В товарных вагонах с печками-буржуйками мы ехали трое суток, хотя в хорошее время от станции Инза до Куйбышева езды всего один день. Пропускали эшелоны, идущие на запад, то бишь на фронт.
Те, кто постарше, держались своей компанией. Особого оживления среди них не чувствовалось. Скорее равнодушное ожидание. У старших имелись какие-то другие сведения о военных действиях. Однажды я услышал, как мужик лет тридцати пяти, не скрывая злости, делился со своими спутниками:
– На убой всех везут. Люди говорят, немцы одних пленных тысячные колонны по дорогам гонят.
Остальные в компании его поддержали. Говорили, что у германцев сильная техника, авиация, бьют они наши войска, как хотят.
– За что голову класть? – услышал я и такую фразу. – За сраные колхозы?
В общем, поголовным патриотизмом в тот период не пахло. Я вспомнил этот подслушанный разговор много лет спустя, когда узнал, что в первый год войны попали (или сдались) в плен три с лишним миллиона моих соотечественников, бойцов Красной Армии. Кроме героизма и самопожертвования было и нежелание воевать. Ничем другим не объяснишь массовую сдачу в плен красноармейцев в начале войны.
Учебный полк, куда я попал, находился неподалеку от Куйбышева. Волга, живописные Жигулевские горы, а поселок рядом с нами назывался Яблоневый Овраг.
Выяснилось, что в армию поступило новое вооружение – противотанковые ружья. Они способны пробивать броню всех немецких танков, и будущие расчеты готовят из лучших, физически крепких и смелых новобранцев.
Я попал в первый взвод первой учебной роты. Прибытие на место учебы совпало с наступлением наших войск под Москвой. Настроение будущих курсантов поначалу было приподнятое, едва не восторженное.
Во-первых, мы теперь не просто курсанты, а самые лучшие и смелые, которым доверили новейшее оружие. Немцев бьют под Москвой, и радио каждый час торжественным голосом диктора Юрия Левитана сообщало о стремительном продвижении наших войск. Освобождены города Сталиногорск, Калинин, Клин, Елец и множество населенных пунктов.
Политрук учебной роты читал сообщения об успехах Красной Армии. Только за первые пять дней контрнаступления потери врага составили 30 тысяч убитых, уничтожены и захвачены более 500 танков, 4000 автомашин, 400 орудий.
Но вскоре радостное настроение сменилось на будничные, довольно тяжкие заботы. Зима 1941/42 года не была особенно суровой. Морозы стояли за двадцать, как обычно в этих краях. Но люди по ночам мерзли. В огромной казарме размещались две роты по двести человек и топились две небольшие печки.
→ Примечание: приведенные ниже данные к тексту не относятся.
(* Let $(X,d)$ be a complete Busemann convex geodesic metric space which is uniformly convex with a modulus of uniform convexity that is monotone or lower semicontinuous from the right. Let $(A,B)$ be a closed convex pair of subsets of $X$ with $B$ bounded, and let $T:A\cup B\to A\cup B$ be a noncyclic relatively nonexpansive mapping. Then there exists $(x,y)\in A\times B$ such that $x=Tx$, $y=Ty$ and $d(x,y)=\operatorname{dist}(A,B)$.
   Context: $\operatorname{dist}(A,B)=\inf\{d(x,y):x\in A,y\in B\}$. A geodesic space is one in which any two points are joined by a geodesic segment; a subset is convex if it contains every geodesic segment joining two of its points. $X$ is Busemann convex if for any geodesics $c_1:[0,l_1]\to X$, $c_2:[0,l_2]\to X$, $d(c_1(tl_1),c_2(tl_2))\le (1-t)d(c_1(0),c_2(0))+t\,d(c_1(l_1),c_2(l_2))$ for all $t\in[0,1]$. $X$ is uniformly convex if for every $r>0$ and $\varepsilon\in(0,2]$ there is $\delta\in(0,1]$ such that for all $a,x,y$ with $d(x,a)\le r$, $d(y,a)\le r$, $d(x,y)\ge\varepsilon r$, every midpoint $m$ of $x,y$ satisfies $d(m,a)\le(1-\delta)r$; a function $\delta(r,\varepsilon)$ providing such $\delta$ is a modulus of uniform convexity; it is monotone if it is decreasing in $r$ for each fixed $\varepsilon$, and lower semicontinuous from the right if it is lower semicontinuous from the right in $r$ for each fixed $\varepsilon$. $T$ is relatively nonexpansive if $d(Tx,Ty)\le d(x,y)$ for all $x\in A$, $y\in B$, and noncyclic if $T(A)\subseteq A$, $T(B)\subseteq B$. *)

From Stdlib Require Import Reals.
Open Scope R_scope.

Definition is_metric {X : Type} (d : X -> X -> R) : Prop :=
  (forall x y, d x y = 0 <-> x = y) /\
  (forall x y, d x y = d y x) /\
  (forall x y z, d x z <= d x y + d y z).

Definition cauchy_seq {X : Type} (d : X -> X -> R) (u : nat -> X) : Prop :=
  forall e, 0 < e -> exists N, forall m n, (N <= m)%nat -> (N <= n)%nat -> d (u m) (u n) < e.

Definition converges_to {X : Type} (d : X -> X -> R) (u : nat -> X) (x : X) : Prop :=
  forall e, 0 < e -> exists N, forall n, (N <= n)%nat -> d (u n) x < e.

Definition complete_metric {X : Type} (d : X -> X -> R) : Prop :=
  forall u, cauchy_seq d u -> exists x, converges_to d u x.

(* closed subset (sequentially closed; equivalent to closed in a metric space) *)
Definition seq_closed_set {X : Type} (d : X -> X -> R) (A : X -> Prop) : Prop :=
  forall u x, (forall n, A (u n)) -> converges_to d u x -> A x.

Definition metric_bounded {X : Type} (d : X -> X -> R) (A : X -> Prop) : Prop :=
  exists x0 r, forall x, A x -> d x x0 <= r.

(* c : [0,l] -> X is a is_geodesic (isometric embedding of [0,l]); c is
   given as a function on R whose values outside [0,l] are irrelevant *)
Definition is_geodesic {X : Type} (d : X -> X -> R) (c : R -> X) (l : R) : Prop :=
  0 <= l /\ forall s t, 0 <= s <= l -> 0 <= t <= l -> d (c s) (c t) = Rabs (s - t).

Definition geodesic_space {X : Type} (d : X -> X -> R) : Prop :=
  forall x y, exists c, is_geodesic d c (d x y) /\ c 0 = x /\ c (d x y) = y.

Definition geod_convex {X : Type} (d : X -> X -> R) (A : X -> Prop) : Prop :=
  forall c l, is_geodesic d c l -> A (c 0) -> A (c l) ->
    forall t, 0 <= t <= l -> A (c t).

Definition busemann_convex {X : Type} (d : X -> X -> R) : Prop :=
  forall c1 l1 c2 l2, is_geodesic d c1 l1 -> is_geodesic d c2 l2 ->
    forall t, 0 <= t <= 1 ->
      d (c1 (t * l1)) (c2 (t * l2)) <= (1 - t) * d (c1 0) (c2 0) + t * d (c1 l1) (c2 l2).

Definition is_midpoint {X : Type} (d : X -> X -> R) (x y m : X) : Prop :=
  d x m = d x y / 2 /\ d m y = d x y / 2.

Definition modulus_uc {X : Type} (d : X -> X -> R) (delta : R -> R -> R) : Prop :=
  forall r eps, 0 < r -> 0 < eps <= 2 ->
    0 < delta r eps <= 1 /\
    forall a x y m, d x a <= r -> d y a <= r -> d x y >= eps * r ->
      is_midpoint d x y m -> d m a <= (1 - delta r eps) * r.

Definition uniformly_convex {X : Type} (d : X -> X -> R) : Prop :=
  exists delta, modulus_uc d delta.

Definition modulus_monotone (delta : R -> R -> R) : Prop :=
  forall eps, 0 < eps <= 2 ->
    forall r1 r2, 0 < r1 -> r1 <= r2 -> delta r2 eps <= delta r1 eps.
К утру вода в ведрах покрывалась коркой льда. Спали одетые, накрывшись, кроме одеял, потертыми шинелями второго срока. С одеждой тоже было плоховато, особенно с обувью.
Не хватало валенок. Выдавали ботинки размера на два больше, совали туда газеты, обматывали ноги двойными портянками. Впрочем, днем мерзнуть не давали – все делалось бегом. Противотанковые ружья, запущенные в производство еще в сентябре, выпускались пока небольшими партиями. На роту выдавали одно ПТР системы Дегтярева. И в течение дня его по очереди изучали все четыре взвода.
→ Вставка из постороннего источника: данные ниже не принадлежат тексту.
(* Let $X,Y,Z,W$ be Banach spaces, $F:X\times Y\rightrightarrows Z$ a multifunction, $g:W\to Z$ a function, and $(\overline{x},\overline{y},\overline{z},\overline{w})\in X\times Y\times Z\times W$ with $\overline{z}:=-g(\overline{w})\in F(\overline{x},\overline{y})$. Define $\Gamma:Y\times W\rightrightarrows X$ by $\Gamma(y,w)=\{x\in X: 0\in F(x,y)+g(w)\}$. Suppose: (i) $F$ is Lipschitz-like with respect to $y$ uniformly in $x$ around $((\overline{x},\overline{y}),\overline{z})$ with constant $\eta\ge0$; (ii) $F$ is metrically regular with respect to $x$ uniformly in $y$ around $((\overline{x},\overline{y}),\overline{z})$ with constant $k>0$; (iii) $F(\cdot,y)$ is inner semicontinuous at $(\overline{x},\overline{z})$ for every $y$ in a neighborhood of $\overline{y}$; (iv) $g$ is locally Lipschitz around $\overline{w}$ with constant $\lambda$. Then there exists $\alpha>0$ such that for every $(y,w),(y',w')\in D(\overline{y},\alpha)\times D(\overline{w},\alpha)$ and every $\varepsilon>0$, \[ \Gamma(y',w')\cap D(\overline{x},\alpha)\subset\Gamma(y,w)+(k+\varepsilon)(\eta\|y-y'\|+\lambda\|w-w'\|)\mathbb{D}_X. \] In particular, $\Gamma$ is Lipschitz-like around $((\overline{y},\overline{w}),\overline{x})$ and \[ \operatorname{lip}\Gamma((\overline{y},\overline{w}),\overline{x})\le\widehat{\operatorname{reg}}_xF((\overline{x},\overline{y}),\overline{z})\cdot\max\{\widehat{\operatorname{lip}}_yF((\overline{x},\overline{y}),\overline{z}),\operatorname{lip}g(\overline{w})\}. \]
   Context: $B(x,r)$ and $D(x,r)$ are the open and closed balls, $\mathbb{D}_X$ the closed unit ball, $d(x,\emptyset)=\infty$; products carry the sum norm. For $F:X\times Y\rightrightarrows Z$ write $F_y=F(\cdot,y)$, $F_x=F(x,\cdot)$. $F$ is Lipschitz-like with respect to $y$ uniformly in $x$ around $((\overline{x},\overline{y}),\overline{z})$ with constant $L$ if there are neighborhoods $U$ of $\overline{x}$, $V$ of $\overline{y}$, $W_0$ of $\overline{z}$ with $F(x,y)\cap W_0\subset F(x,y')+L\|y-y'\|\mathbb{D}_Z$ for all $x\in U$, $y,y'\in V$; $\widehat{\operatorname{lip}}_yF((\overline{x},\overline{y}),\overline{z})$ is the infimum of such $L$. $F$ is metrically regular with respect to $x$ uniformly in $y$ around $((\overline{x},\overline{y}),\overline{z})$ with constant $L$ if there are such neighborhoods with $d(x,F_y^{-1}(z))\le L\,d(z,F_y(x))$ for all $(x,y,z)\in U\times V\times W_0$; $\widehat{\operatorname{reg}}_xF((\overline{x},\overline{y}),\overline{z})$ is the infimum of such $L$. A multifunction $T$ is inner semicontinuous at $(a,b)\in\operatorname{Gr}T$ if for every open $D\ni b$ there is a neighborhood $U$ of $a$ with $T(a')\cap D\ne\emptyset$ for all $a'\in U$. $T:A\rightrightarrows B$ is Lipschitz-like around $(\overline{a},\overline{b})$ with constant $L$ if there are neighborhoods $U$ of $\overline{a}$, $V$ of $\overline{b}$ with $T(a)\cap V\subset T(u)+L\|a-u\|\mathbb{D}_B$ for all $a,u\in U$; $\operatorname{lip}T(\overline{a},\overline{b})$ is the infimum of such $L$; for a function $g$, $\operatorname{lip}g(\overline{w})$ is the infimum of Lipschitz constants of $g$ on neighborhoods of $\overline{w}$. *)

(* Banach spaces = completeNormedModType over R : realType. *)
From HB Require Import structures.
From mathcomp Require Import all_boot all_order all_algebra.
From mathcomp Require Import all_classical all_reals all_analysis.
Set Implicit Arguments. Unset Strict Implicit. Unset Printing Implicit Defensive.
Import Order.TTheory GRing.Theory Num.Theory.
Import numFieldNormedType.Exports.
Local Open Scope classical_set_scope.
Local Open Scope ring_scope.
Больше занимались по плакатам, о боевых стрельбах и речи не шло. Противотанковое ружье системы Дегтярева представляло собой странное оружие: общая длина два метра, массивный ствол с дульным тормозом, рукоятка, приклад и сошки. Все как-то примитивно, похоже на самоделку.
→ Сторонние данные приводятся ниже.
Lemma meets_orient_opp i j k l : meets pt [set i; j] [set k; l] ->
  orient (pt i) (pt j) (pt k) != 0 -> orient (pt i) (pt j) (pt l) != 0 ->
  orient (pt i) (pt j) (pt k) * orient (pt i) (pt j) (pt l) < 0.
Proof.
move=> ijkl k0 l0; rewrite ltNge; apply/negP => same_side.
move: (k0) (l0); rewrite !neq_lt => /orP[k_lt0|k_gt0] /orP[l_lt0|l_gt0]; try nra.
- by apply: (right_of_line_not_meets _ ijkl) => u; rewrite !inE => /orP[]/eqP->.
- by apply: (left_of_line_not_meets _ ijkl) => u; rewrite !inE => /orP[]/eqP->.
Qed.

End Segments.

Section Crossings.
Variables (R : realType) (n : nat) (pt : 'I_n -> point R).

Local Notation lerp p q t :=
  ((1 - t) * p.1 + t * q.1, (1 - t) * p.2 + t * q.2) (only parsing).

Lemma crossing_on_line i j k l : k != l -> pt i != pt j ->
  orient (pt i) (pt j) (pt k) * orient (pt i) (pt j) (pt l) < 0 ->
  exists t z, conv pt [set k; l] z /\ z = lerp (pt i) (pt j) t.
Proof.
move=> kl ij AB_lt0.
set A := orient _ _ (pt k) in AB_lt0 *; set B := orient _ _ (pt l) in AB_lt0 *.
have BA_neq0 : B - A != 0 by rewrite subr_eq0; apply/eqP => BA; rewrite BA in AB_lt0; nra.
have [s0 s1] : 0 <= B / (B - A) /\ B / (B - A) <= 1.
  have [A_lt0|A_gt0] : A < 0 \/ 0 < A.
    by case: (ltgtP A 0) AB_lt0 => [| |->]; [left|right|rewrite mul0r ltxx].
  - have B_gt0 : 0 < B by nra.
    by split; [apply: divr_ge0 | rewrite ler_pdivrMr]; lra.
  - have B_lt0 : B < 0 by nra.
    by rewrite -mulrNN -invrN; split; [apply: divr_ge0 | rewrite ler_pdivrMr]; lra.
have [|t zE] := @on_line_lerp _ (pt i) (pt j) (lerp (pt k) (pt l) (1 - B / (B - A))) ij.
  by rewrite orient_lerp -/A -/B; field.
by exists t, (lerp (pt k) (pt l) (1 - B / (B - A))); split => //; apply: conv2_lerp => //; lra.
Qed.

Lemma meets_of_crossing i j k l : k != l -> pt i != pt j ->
  orient (pt i) (pt j) (pt k) * orient (pt i) (pt j) (pt l) < 0 ->
  orient (pt k) (pt l) (pt i) * orient (pt k) (pt l) (pt j) < 0 ->
  meets pt [set i; j] [set k; l].
Proof.
move=> kl ij ij_splits kl_splits.
have [t [z [zkl zE]]] := crossing_on_line kl ij ij_splits.
have := conv2_orient0 zkl; rewrite zE orient_lerp.
set A := orient _ _ (pt i) in kl_splits *; set B := orient _ _ (pt j) in kl_splits * => z_on.
have i_neq_j : i != j by apply: contraNneq ij => ->.
have tBA : t * (B - A) = - A by lra.
have [t0 t1] : 0 <= t /\ t <= 1.
  have [A_lt0|A_gt0] : A < 0 \/ 0 < A.
    by case: (ltgtP A 0) kl_splits => [| |->]; [left|right|rewrite mul0r ltxx].
  - have B_gt0 : 0 < B by nra.
    by split; rewrite leNgt; apply/negP => ?; nra.
  - have B_lt0 : B < 0 by nra.
    by split; rewrite leNgt; apply/negP => ?; nra.
by exists z; split => //; rewrite zE; apply: conv2_lerp.
Qed.

(* Line [i j] meets the lines [A1 A2] and [B1 B2] exactly at [i] and [j]; as [k l]
   lies to the right of both lines, it crosses line [i j] between [i] and [j]. *)
Lemma meets_of_crossing_in_wedge i j k l (A1 A2 B1 B2 : point R) : k != l -> pt i != pt j ->
  orient (pt i) (pt j) (pt k) * orient (pt i) (pt j) (pt l) < 0 ->
  orient A1 A2 (pt i) = 0 -> orient A1 A2 (pt j) < 0 ->
  orient A1 A2 (pt k) <= 0 -> orient A1 A2 (pt l) <= 0 ->
  orient B1 B2 (pt j) = 0 -> orient B1 B2 (pt i) < 0 ->
  orient B1 B2 (pt k) <= 0 -> orient B1 B2 (pt l) <= 0 ->
  meets pt [set i; j] [set k; l].
Proof.
move=> kl ij ij_splits Ai Aj Ak Al Bj Bi Bk Bl.
have [t [z [zkl zE]]] := crossing_on_line kl ij ij_splits.
have right_of_both (P Q : point R) : orient P Q (pt k) <= 0 -> orient P Q (pt l) <= 0 ->
    (1 - t) * orient P Q (pt i) + t * orient P Q (pt j) <= 0.
  move=> Pk Pl; rewrite -orient_lerp -zE; apply: conv_orient_le0 zkl _ => u.
  by rewrite !inE => /orP[]/eqP->.
have := right_of_both _ _ Ak Al; have := right_of_both _ _ Bk Bl; rewrite Ai Bj => ? ?.
have i_neq_j : i != j by apply: contraNneq ij => ->.
by exists z; split => //; rewrite zE; apply: conv2_lerp => //; nra.
Qed.

End Crossings.

Lemma interior_orient_lt0 (R : realType) (n : nat) (pt : 'I_n -> point R)
    (S : {set 'I_n}) (z p q : point R) :
  p != q -> interior2 (conv pt S) z ->
  (forall k, k \in S -> orient p q (pt k) <= 0) -> orient p q z < 0.
Proof.
move=> pq [e e_gt0 ball_in] S_le0.
have d_gt0 := sqr_dist_gt0 pq.
set u1 := q.1 - p.1 in d_gt0; set u2 := q.2 - p.2 in d_gt0; set d := _ + _ in d_gt0.
set M := 1 + `|u1| + `|u2|.
have M_gt0 : 0 < M by rewrite /M; have := normr_ge0 u1; have := normr_ge0 u2; lra.
set s := e / (2 * M).
have s_gt0 : 0 < s by rewrite divr_gt0 // mulr_gt0.
have small u : `|u| < M -> `|s * u| < e.
  move=> uM; rewrite normrM (gtr0_norm s_gt0) /s mulrAC ltr_pdivrMr ?mulr_gt0 //.
  have : 0 <= `|u| by [].
  nra.
(* push [z] a little to the left of the line [p q]; it stays in the hull *)
set y : point R := (z.1 - s * u2, z.2 + s * u1).
have y_in : conv pt S y.
  apply: ball_in; rewrite /y /= addrAC subrr add0r ?normrN; apply: small;
    by rewrite /M; have := normr_ge0 u1; have := normr_ge0 u2; lra.
have := conv_orient_le0 y_in S_le0.
have -> : orient p q y = orient p q z + s * d by rewrite /orient /y /d /u1 /u2 /=; ring.
have : 0 < s * d by apply: mulr_gt0.
lra.
Qed.

(** * Points in convex position *)

Section ConvexPosition.
Variables (R : realType) (n : nat) (pt : 'I_n -> point R) (v : nat -> 'I_n).
Hypothesis v_clockwise : clockwise_enum pt v.
Hypothesis hull_gt0 : (0 < #|hull_idx pt|)%N.
Local Notation m := #|hull_idx pt|.
Local Notation W := (cyc pt v).

Lemma cyc_in_hull k : W k \in hull_idx pt.
Proof. by case: v_clockwise => _ + _; apply; rewrite ltn_pmod. Qed.

Lemma cyc_neq r a b : (a < m)%N -> (b < m)%N -> a != b -> W (r + a) != W (r + b).
Proof.
move=> am bm ab; apply/eqP => e; case: v_clockwise => v_inj _ _.
have /eqP := v_inj _ _ (ltn_pmod _ hull_gt0) (ltn_pmod _ hull_gt0) e.
by rewrite eqn_modDl !modn_small // (negPf ab).
Qed.

Lemma cyc_edge_right k j : j != W k -> j != W k.+1 ->
  orient (pt (W k)) (pt (W k.+1)) (pt j) < 0.
Proof.
have succ_mod : ((k %% m).+1 %% m = k.+1 %% m)%N by rewrite -addn1 modnDml addn1.
case: v_clockwise => _ _ /(_ (k %% m)%N j (ltn_pmod _ hull_gt0)).
by rewrite /cyc modn_mod succ_mod.
Qed.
Но тяжелые патроны с массивными головками смотрелись солидно. Плакаты утверждали, что на сто метров пули пробивают 40 миллиметров брони, а на пятьсот метров – 25 миллиметров. Учитывая, что броня большинства немецких танков не превышала эту толщину, мы вполне могли с ними справиться. Ружье системы Дегтярева весило 17 килограммов, было однозарядным. При выстреле сильная отдача открывала затвор и выбрасывала гильзу. Вставляй следующую и снова целься. Поэтому скорострельность этого ружья (ПТРД) была довольно высокая: до десяти выстрелов в минуту.
На вооружении армии состояло еще одно противотанковое ружье – самозарядное системы Симонова (ПТРС). Оно было такого же калибра, но имело магазин на пять патронов и обладало большей скорострельностью. ПТРС я видел только на плакате. В начале учебы ни одного экземпляра самозарядного ружья в учебном полку не было.
Как я понял, выпуск этих ружей налаживался медленно. В одних источниках говорилось, что за 1941 год было выпущено всего 600 ПТРД и 80 штук ПТРС. В других справочниках утверждалось, что за этот период выпустили 17 тысяч ружей системы Дегтярева и 77 штук ПТРС. В любом случае в конце сорок первого года противотанковых ружей в армии не хватало, но производство их увеличивалось быстрыми темпами.
Фамилию командира учебной роты я не запомнил. Кажется, это был старший лейтенант, которого я изредка видел на поверках. Он был загружен организационными и хозяйственными делами, двести курсантов – не шутка.
Зато с нами постоянно находился командир взвода лейтенант Зайцев Тимофей Макарович. Несмотря на свои двадцать восемь лет, был он наполовину лысый, по характеру спокойный и рассудительный. Может, потому, что службу начинал рядовым красноармейцем.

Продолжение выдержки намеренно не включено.